Kasus semacam ini harus ditafshil (dirinci) agar nampak yang sebenarnya mana
yang dzalim kepada diri sendiri dan mana yang dzalim kepada orang lain. Rinciannya
yaitu; Apabila yang memulai adalah pihak sasaran (wanita), maka itu termasuk
dzalim kepada dirinya sendiri, sedangkan apabila pihak pelaku (laki-laki) yang
merayu dan memaksanya, maka itu termasuk kedzaliman terhadap sesama hamba yang
sangat rumit, sebab dalam kasus semacam ini ia memaksanya dan menyeretnya kepada
perbuatan ma’siyat, “Barangsiapa memberi contoh dengan contoh yangburuk, maka
ia menanggung dosanya dan dosa orang yang melakukannya sampai hari kiamat”.
Dan sesungguhnya ia juga merusak kehomatannya, menyakiti, dan mempermalukan
keluarganya dan lain sebagainya.
(تنبيه)
الأعراض أشد من الأموال . قال العلماء : لو
أن شخصا أخذ مال شخص ثم تورع فجاء به بعد موته إلى ورثته وإلى جميع أهل الأرض
فجعلوه فى حل ما كان فى حل فعرض المؤمن أشد من ماله،
(Peringatan);
Kehormatan
seseorang adalah lebih berharga daripada hartanya.
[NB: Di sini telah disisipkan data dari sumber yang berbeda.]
(* Let $I$ be a finite set and $\{V^{(\tau)}\}_{\tau\in I}$ a family of mixed $\mathbb{R}$-Hodge structures. Let $V=\bigotimes_{\tau\in I}V^{(\tau)}$ (tensor product of $\mathbb{R}$-vector spaces), and for $\tau\in I$ define $$W^\tau_nV=\bigotimes_{\nu\ne\tau}V^{(\nu)}\otimes W_nV^{(\tau)},\qquad F^p_\tau V_{\mathbb{C}}=\bigotimes_{\nu\ne\tau}V^{(\nu)}_{\mathbb{C}}\otimes F^pV^{(\tau)}_{\mathbb{C}}.$$ Then $(V,\{W^\tau_\bullet\}_{\tau\in I},\{F^\bullet_\tau\}_{\tau\in I})$ is an object of $\mathrm{MHS}^{\boxtimes I}_{\mathbb{R}}$.
   Context: $\mathrm{MHS}^{\boxtimes I}_{\mathbb{R}}$ is the category of triples $(V,\{W^\tau_\bullet\}_{\tau\in I},\{F^\bullet_\tau\}_{\tau\in I})$ where $V$ is a finite-dimensional $\mathbb{R}$-vector space, each $W^\tau_\bullet$ is a finite ascending filtration of $V$ by $\mathbb{R}$-subspaces and each $F^\bullet_\tau$ a finite descending filtration of $V_{\mathbb{C}}=V\otimes\mathbb{C}$ by $\mathbb{C}$-subspaces, such that (1) for each $\tau\in I$, $(V,W^\tau_\bullet,F^\bullet_\tau)$ is a mixed $\mathbb{R}$-Hodge structure; (2) for $\tau\ne\nu$ in $I$, the subspaces $W^\nu_nV_{\mathbb{C}}$, $F^m_\nu V_{\mathbb{C}}$ and $\overline{F}^m_\nu V_{\mathbb{C}}$ are mixed $\mathbb{C}$-Hodge structures with respect to the filtrations induced by $W^\tau_\bullet$, $F^\bullet_\tau$ and $\overline{F}^\bullet_\tau$. A mixed $\mathbb{R}$-Hodge structure is a triple $(V,W_\bullet,F^\bullet)$ with $\operatorname{Gr}^W_nV_{\mathbb{C}}=\bigoplus_{p+q=n}(F^p\cap\overline{F}^q)\operatorname{Gr}^W_nV_{\mathbb{C}}$ for all $n$. *)

From HB Require Import structures.
From mathcomp Require Import all_boot all_order all_algebra.
From mathcomp Require Import complex.
From mathcomp Require Import reals.
Set Implicit Arguments. Unset Strict Implicit. Unset Printing Implicit Defensive.
Import Order.TTheory GRing.Theory Num.Theory.
Local Open Scope ring_scope.

(* Subspaces of K^n are represented (mxalgebra) by row spaces of n x n
   matrices; filtrations are int-indexed families of such matrices. *)

Definition asc_filt_in (K : fieldType) (n : nat) (U : 'M[K]_n)
    (W : int -> 'M[K]_n) : Prop :=
  (forall k : int, (W k :&: U <= W (k + 1)%R :&: U)%MS) /\
  exists a b : int,
    (forall k : int, k < a -> (W k :&: U <= (0 : 'M[K]_n))%MS) /\
    (forall k : int, b <= k -> (U <= W k)%MS).

Definition desc_filt_in (K : fieldType) (n : nat) (U : 'M[K]_n)
    (F : int -> 'M[K]_n) : Prop :=
  (forall k : int, (F (k + 1)%R :&: U <= F k :&: U)%MS) /\
  exists a b : int,
    (forall k : int, k <= a -> (U <= F k)%MS) /\
    (forall k : int, b <= k -> (F k :&: U <= (0 : 'M[K]_n))%MS).

(** Hodge decomposition of the graded pieces: for every weight [k],
    Gr^W_k U = (+)_{p+q=k} (F^p Gr^W_k U) /\ (G^q Gr^W_k U)   (direct sum),
    where the filtrations W, F, G are those induced on U and F^p Gr^W_k U is
    represented by its preimage (F^p /\ W_k + W_{k-1}) in W_k.  The (direct)
    sum over all p : int is expressed as: Gr is spanned by finitely many
    summands, and every finite subfamily of distinct summands is independent
    modulo W_{k-1} (rank count). *)
Definition hodge_graded (K : fieldType) (n : nat) (U : 'M[K]_n)
    (W F G : int -> 'M[K]_n) : Prop :=
  forall k : int,
    let Wk := (W k :&: U)%MS in
    let Wk1 := (W (k - 1)%R :&: U)%MS in
    let H := fun p : int =>
      ((F p :&: Wk + Wk1) :&: (G (k - p)%R :&: Wk + Wk1))%MS in
    (exists s : seq int, (Wk <= Wk1 + \sum_(p <- s) H p)%MS) /\
    (forall s : seq int, uniq s ->
       (\rank (Wk1 + \sum_(p <- s) H p)%MS - \rank Wk1 =
        \sum_(p <- s) (\rank (H p) - \rank Wk1))%N).

Definition mhsC (C : fieldType) (n : nat) (U : 'M[C]_n)
    (W F G : int -> 'M[C]_n) : Prop :=
  [/\ asc_filt_in U W, desc_filt_in U F, desc_filt_in U G
    & hodge_graded U W F G].

Definition cplx_mx (R : rcfType) (m n : nat) (A : 'M[R]_(m, n))
  : 'M[R[i]]_(m, n) := map_mx (fun x : R => Complex x 0) A.
Definition conj_mx (R : rcfType) (m n : nat) (A : 'M[R[i]]_(m, n))
  : 'M[R[i]]_(m, n) := map_mx (@conjc R) A.

Definition mhsR (R : rcfType) (n : nat) (W : int -> 'M[R]_n)
    (F : int -> 'M[R[i]]_n) : Prop :=
  [/\ asc_filt_in 1%:M W, desc_filt_in 1%:M F
    & hodge_graded 1%:M (fun k => cplx_mx (W k)) F (fun p => conj_mx (F p))].

Definition mhs_boxI (R : rcfType) (I : finType) (n : nat)
    (W : I -> int -> 'M[R]_n) (F : I -> int -> 'M[R[i]]_n) : Prop :=
  (forall tau : I, mhsR (W tau) (F tau)) /\
  (forall tau nu : I, tau != nu -> forall m : int,
     let Wt := fun k => cplx_mx (W tau k) in
     let Ft := F tau in
     let Fbt := fun p => conj_mx (F tau p) in
     [/\ mhsC (cplx_mx (W nu m)) Wt Ft Fbt,
         mhsC (F nu m) Wt Ft Fbt
       & mhsC (conj_mx (F nu m)) Wt Ft Fbt]).

(** Tensor products of coordinate spaces K^(d t), t in I: the basis of
    (x)_t K^(d t) is indexed by the finite type of multi-indices. *)
Definition tidx (I : finType) (d : I -> nat) : finType :=
  {dffun forall t : I, 'I_(d t)}.
Definition tdim (I : finType) (d : I -> nat) : nat := #|{: tidx d}|.

(** [tensmx A] has as row space the tensor product of the row spaces of the
    [A t] (its rows are the Kronecker products of rows of the [A t]). *)
Definition tensmx (K : comNzRingType) (I : finType) (d : I -> nat)
    (A : forall t : I, 'M[K]_(d t)) : 'M[K]_(tdim d) :=
  \matrix_(i, k) \prod_(t : I)
     A t ((enum_val i : tidx d) t) ((enum_val k : tidx d) t).

Definition tensW (R : rcfType) (I : finType) (d : I -> nat)
    (W : forall t : I, int -> 'M[R]_(d t)) (tau : I) : int -> 'M[R]_(tdim d) :=
  fun k => tensmx (fun nu => if nu == tau then W nu k else 1%:M).

Definition tensF (R : rcfType) (I : finType) (d : I -> nat)
    (F : forall t : I, int -> 'M[R[i]]_(d t)) (tau : I)
  : int -> 'M[R[i]]_(tdim d) :=
  fun p => tensmx (fun nu => if nu == tau then F nu p else 1%:M).

(* Fix tau.  For a family B of subspaces, X |-> (x)_{t <> tau} B_t (x) X (X in
   slot tau) maps subspaces of K^(d tau) into the tensor product, preserving
   inclusions and sums and multiplying ranks by prod_{t <> tau} rank B_t; the
   rank count then forces it to preserve intersections as well.  Moreover
   (x)_{t <> tau} K^(d t) (x) Y meets (x)_{t <> tau} B_t (x) K^(d tau) exactly
   in (x)_{t <> tau} B_t (x) Y.  Hence on U = (x)_{t <> tau} B_t (x) K^(d tau)
   the filtrations W^tau, F_tau, Fbar_tau are the images of those of V^(tau),
   and finiteness, exhaustivity and the Hodge decomposition of the graded
   pieces (a rank count) are transported from V^(tau) to U.  Taking B = 1
   gives the mixed R-Hodge structures, and the subspaces W^nu_m, F^m_nu,
   Fbar^m_nu for nu <> tau are all of the form U. *)

From HB Require Import structures.
From mathcomp Require Import all_boot all_order all_algebra.
From mathcomp Require Import complex.
From mathcomp Require Import reals.
Import Order.TTheory GRing.Theory Num.Theory.
Local Open Scope ring_scope.
Local Set Implicit Arguments.
Local Unset Strict Implicit.

Section Kronecker.
Variables (K : comNzRingType) (I : finType).

Lemma bigA_distr_dffun (d : I -> nat) (F : forall t, 'I_(d t) -> K) :
  \prod_t \sum_(j : 'I_(d t)) F t j = \sum_(f : tidx d) \prod_t F t (f t).
Proof.
(* Pad every 'I_(d t) into a common 'I_D so that big_distr_big_dep applies. *)
pose D := (\max_t d t).+1.
have leD t : (d t <= D)%N by apply/leqW/leq_bigmax.
pose G t (n : nat) : K := oapp (F t) 0 (insub n).
have GF t (j : 'I_(d t)) : G t j = F t j by rewrite /G valK.
have widen t : \sum_(j : 'I_(d t)) F t j = \sum_(j < D | (j < d t)%N) G t j.
  by rewrite -big_ord_widen //; apply: eq_bigr => j _; rewrite GF.
rewrite (eq_bigr _ (fun t _ => widen t)) (big_distr_big_dep ord0) /=.
pose pad (f : tidx d) : {ffun I -> 'I_D} := [ffun t => widen_ord (leD t) (f t)].
have pad_inj : injective pad.
  move=> f1 f2 /ffunP eq_f; apply/ffunP => t; apply/val_inj.
  by have := eq_f t; rewrite !ffunE => /(congr1 val).
transitivity (\sum_(g in pad @: [set: tidx d]) \prod_t G t (g t)).
  apply: eq_bigl => g; apply/idP/imsetP => [/forallP g_lt | [f _ ->]].
    have lt_g t : (g t < d t)%N by have := g_lt t; rewrite !inE.
    exists [ffun t => Ordinal (lt_g t)] => //.
    by apply/ffunP => t; rewrite !ffunE; apply/val_inj.
  by rewrite inE; apply/forallP => t; rewrite !inE ffunE unfold_in /=.
rewrite big_imset /=; last exact: in2W.
by apply: eq_big => [f | f _]; rewrite ?inE //; apply: eq_bigr => t _; rewrite ffunE -GF.
Qed.

Definition kron_mx (m n : I -> nat) (A : forall t, 'M[K]_(m t, n t))
  : 'M[K]_(tdim m, tdim n) :=
  \matrix_(i, k) \prod_t A t ((enum_val i : tidx m) t) ((enum_val k : tidx n) t).

Lemma tensmxE (d : I -> nat) (A : forall t, 'M[K]_(d t)) : tensmx A = kron_mx A.
Proof. by []. Qed.

Lemma eq_kron_mx (m n : I -> nat) (A B : forall t, 'M[K]_(m t, n t)) :
  (forall t, A t = B t) -> kron_mx A = kron_mx B.
Proof.
by move=> eqAB; apply/matrixP => i k; rewrite !mxE; apply: eq_bigr => t _; rewrite eqAB.
Qed.

Lemma mul_kron_mx (m n p : I -> nat) (A : forall t, 'M[K]_(m t, n t))
    (B : forall t, 'M[K]_(n t, p t)) :
  kron_mx A *m kron_mx B = kron_mx (fun t => A t *m B t).
Proof.
apply/matrixP => i k; rewrite !mxE.
set ei := enum_val i; set ek := enum_val k.
pose H (f : tidx n) := \prod_t (A t (ei t) (f t) * B t (f t) (ek t)).
transitivity (\sum_(j < tdim n) H (enum_val j)).
  by apply: eq_bigr => j _; rewrite !mxE -big_split.
under [RHS]eq_bigr do rewrite mxE.
rewrite -(big_enum_val H) bigA_distr_dffun.
by apply: eq_bigl => f; rewrite inE.
Qed.

Lemma kron_mx1 (d : I -> nat) : kron_mx (fun t => (1%:M : 'M[K]_(d t))) = 1%:M.
Proof.
apply/matrixP => i k; rewrite !mxE.
have [<- | ne_ik] := eqVneq i k; first by apply: big1 => t _; rewrite mxE eqxx.
have /existsP[t ne_t] : [exists t, (enum_val i : tidx d) t != enum_val k t].
  rewrite -negb_forall; apply: contra ne_ik => /forallP eq_ik; apply/eqP.
  by apply: enum_val_inj; apply/ffunP => t; apply/eqP.
by rewrite (bigD1 t) //= mxE (negbTE ne_t) mul0r.
Qed.

End Kronecker.

Lemma map_kron_mx (K L : comNzRingType) (I : finType) (f : {rmorphism K -> L})
    (m n : I -> nat) (A : forall t, 'M[K]_(m t, n t)) :
  map_mx f (kron_mx A) = kron_mx (fun t => map_mx f (A t)).
Proof.
by apply/matrixP => i k; rewrite !mxE rmorph_prod; apply: eq_bigr => t _; rewrite mxE.
Qed.

Lemma tdimE (I : finType) (d : I -> nat) : tdim d = (\prod_t d t)%N.
Proof.
rewrite /tdim card_dep_ffun foldrE big_image /=.
by apply: eq_bigr => t _; rewrite card_ord.
Qed.

Section KroneckerRank.
Variables (K : fieldType) (I : finType).

Lemma mxrank_kron_mx (m n : I -> nat) (A : forall t, 'M[K]_(m t, n t)) :
  \rank (kron_mx A) = (\prod_t \rank (A t))%N.
Proof.
have col_full : row_full (kron_mx (fun t => col_base (A t))).
  apply/row_fullP; exists (kron_mx (fun t => pinvmx (col_base (A t)))).
  by rewrite mul_kron_mx (eq_kron_mx (fun t => mulVpmx (col_base_full (A t)))) kron_mx1.
have row_free : row_free (kron_mx (fun t => row_base (A t))).
  apply/row_freeP; exists (kron_mx (fun t => pinvmx (row_base (A t)))).
  by rewrite mul_kron_mx (eq_kron_mx (fun t => mulmxVp (row_base_free (A t)))) kron_mx1.
rewrite -(eq_kron_mx (fun t => mulmx_base (A t))) -mul_kron_mx (eqmxMfull _ col_full).
by move/eqP: row_free => ->; rewrite tdimE.
Qed.

Lemma kron_mx_fix (m n : I -> nat) p (A : forall t, 'M[K]_(m t, n t))
    (Q : forall t, 'M[K]_(n t)) (C : 'M[K]_(p, tdim n)) :
  (forall t, A t *m Q t = A t) -> (C <= kron_mx A)%MS -> C *m kron_mx Q = C.
Proof. by move=> AQ /submxP[D ->]; rewrite -mulmxA mul_kron_mx (eq_kron_mx AQ). Qed.

End KroneckerRank.

Section RankScalingEmbedding.
Variables (K : fieldType) (n N c : nat) (phi : 'M[K]_n -> 'M[K]_N).
Hypothesis phi_mono : forall X Y : 'M_n, (X <= Y)%MS -> (phi X <= phi Y)%MS.
Hypothesis phi_adds_sub : forall X Y : 'M_n, (phi (X + Y)%MS <= phi X + phi Y)%MS.
Hypothesis mxrank_phi : forall X : 'M_n, \rank (phi X) = (\rank X * c)%N.

Lemma phi_adds X Y : (phi (X + Y)%MS :=: phi X + phi Y)%MS.
Proof.
by apply/eqmxP; rewrite phi_adds_sub addsmx_sub !phi_mono ?addsmxSl ?addsmxSr.
Qed.

Lemma phi_cap X Y : (phi (X :&: Y)%MS :=: phi X :&: phi Y)%MS.
Proof.
have sub_cap : (phi (X :&: Y)%MS <= phi X :&: phi Y)%MS.
  by rewrite sub_capmx !phi_mono ?capmxSl ?capmxSr.
apply/eqmxP/andP; split=> //; rewrite -(geq_leqif (mxrank_leqif_sup sub_cap)) mxrank_phi.
have := mxrank_sum_cap (phi X) (phi Y).
rewrite -(phi_adds X Y) !mxrank_phi -mulnDl -(mxrank_sum_cap X Y).
by rewrite mulnDl => /addnI ->.
Qed.

Lemma phi_sub0 Z : (Z <= (0 : 'M_n))%MS -> (phi Z <= (0 : 'M_N))%MS.
Proof. by rewrite !submx0 -!mxrank_eq0 mxrank_phi => /eqP ->. Qed.

Lemma phi_sums (s : seq int) (H : int -> 'M_n) (H' : int -> 'M_N) :
    (forall p, (H' p :=: phi (H p))%MS) ->
  (\sum_(p <- s) H' p :=: phi (\sum_(p <- s) H p)%MS)%MS.
Proof.
move=> defH'; apply: (big_ind2 (fun A B => A :=: phi B)%MS) => //.
- by apply/eqmxP/andP; split; rewrite ?sub0mx ?phi_sub0.
- move=> A A' B B' defA defB.
  exact: eqmx_trans (adds_eqmx defA defB) (eqmx_sym (phi_adds _ _)).
Qed.

Local Notation U := (phi 1%:M).

Lemma asc_filt_in_phi (W : int -> 'M_n) (W' : int -> 'M_N) :
    asc_filt_in 1%:M W -> (forall k Z, (W' k :&: phi Z :=: phi (W k :&: Z))%MS) ->
  asc_filt_in U W'.
Proof.
move=> [W_mono [a [b [W_sep W_exh]]]] defW'.
split=> [k | ]; first by rewrite !defW' phi_mono.
exists a, b; split=> k k_ab; first by rewrite defW' phi_sub0 ?W_sep.
apply: submx_trans (capmxSl (W' k) U).
by rewrite defW' phi_mono // sub_capmx W_exh ?submx_refl.
Qed.

Lemma desc_filt_in_phi (F : int -> 'M_n) (F' : int -> 'M_N) :
    desc_filt_in 1%:M F -> (forall k Z, (F' k :&: phi Z :=: phi (F k :&: Z))%MS) ->
  desc_filt_in U F'.
Proof.
move=> [F_mono [a [b [F_exh F_sep]]]] defF'.
split=> [k | ]; first by rewrite !defF' phi_mono.
exists a, b; split=> k k_ab; last by rewrite defF' phi_sub0 ?F_sep.
apply: submx_trans (capmxSl (F' k) U).
by rewrite defF' phi_mono // sub_capmx F_exh ?submx_refl.
Qed.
Para ‘ulama’ berkata;
Seandainya seseorang mengambil harta orang lain, kemudian ia berlaku wira’i, lalu
setelah orang itu meninggal dunia ia datang dengan membawa harta tersebut
kepada ahli waritsnya dan kepada seluruh penduduk bumi, maka mereka dapat menghalalkannya
selama harta tersebut berupa harta halal. Adapun berurusan dengan kehormatan
seseorang adalah lebih berat tanggung jawabnya daripada berurusan dengan
hartanya.
ومن كلام الشيخ أبى المواهب الشاذلى رحمه
الله تعالى : "مما يوقف المريد عن الترقى وقوعه فى غيبة أحد من
المسلمين"، ومن ابتلي بوقوعه فى ذلك فليقرأ الفاتحة وسورة الإخلاص والمعوذتين
ويجعل ثوابهن فى صحائف ذلك الشخص، فإنى رأيت رسول الله صلى الله عليه وسلم فى
المنام وأخبرنى بذلك وقال : "إن الغيبة والثواب يقفان بين يدي الله تعالى
وأرجو أن يتوازنا" فاعلم ذلك يا أخي .
Syaikh
Abu Al-Mawahib As-Syadziliy rahimahullahu Ta’ala berkata; “Sebagian dari
perkara yang dapat menghambat seorang murid untuk naik derajat adalah
menggunjing salah seorang dari orang-orang muslim”. Barangsiapa yang di uji
berupa terjerumus kedalam masalah tersebut hendaklah ia membaca surat
Al-Fatihah, Al-Ikhlash, dan Al-Mu’awwidzatain, dan menghadiahkan pahalanya
kepada orang yang digunjing, karena aku pernah melihat Rasulullah shallallahu
‘alaihi wasallam dalam tidurku memberi kabar kepadaku tentang hal itu, Beliau
bersabda; “Sesungguhnya (dosa) ghibah dan pahala (bacaan itu) keduanya
berhenti dihadapan Allah Ta’ala, aku berharap keduanya menjadi seimbang”.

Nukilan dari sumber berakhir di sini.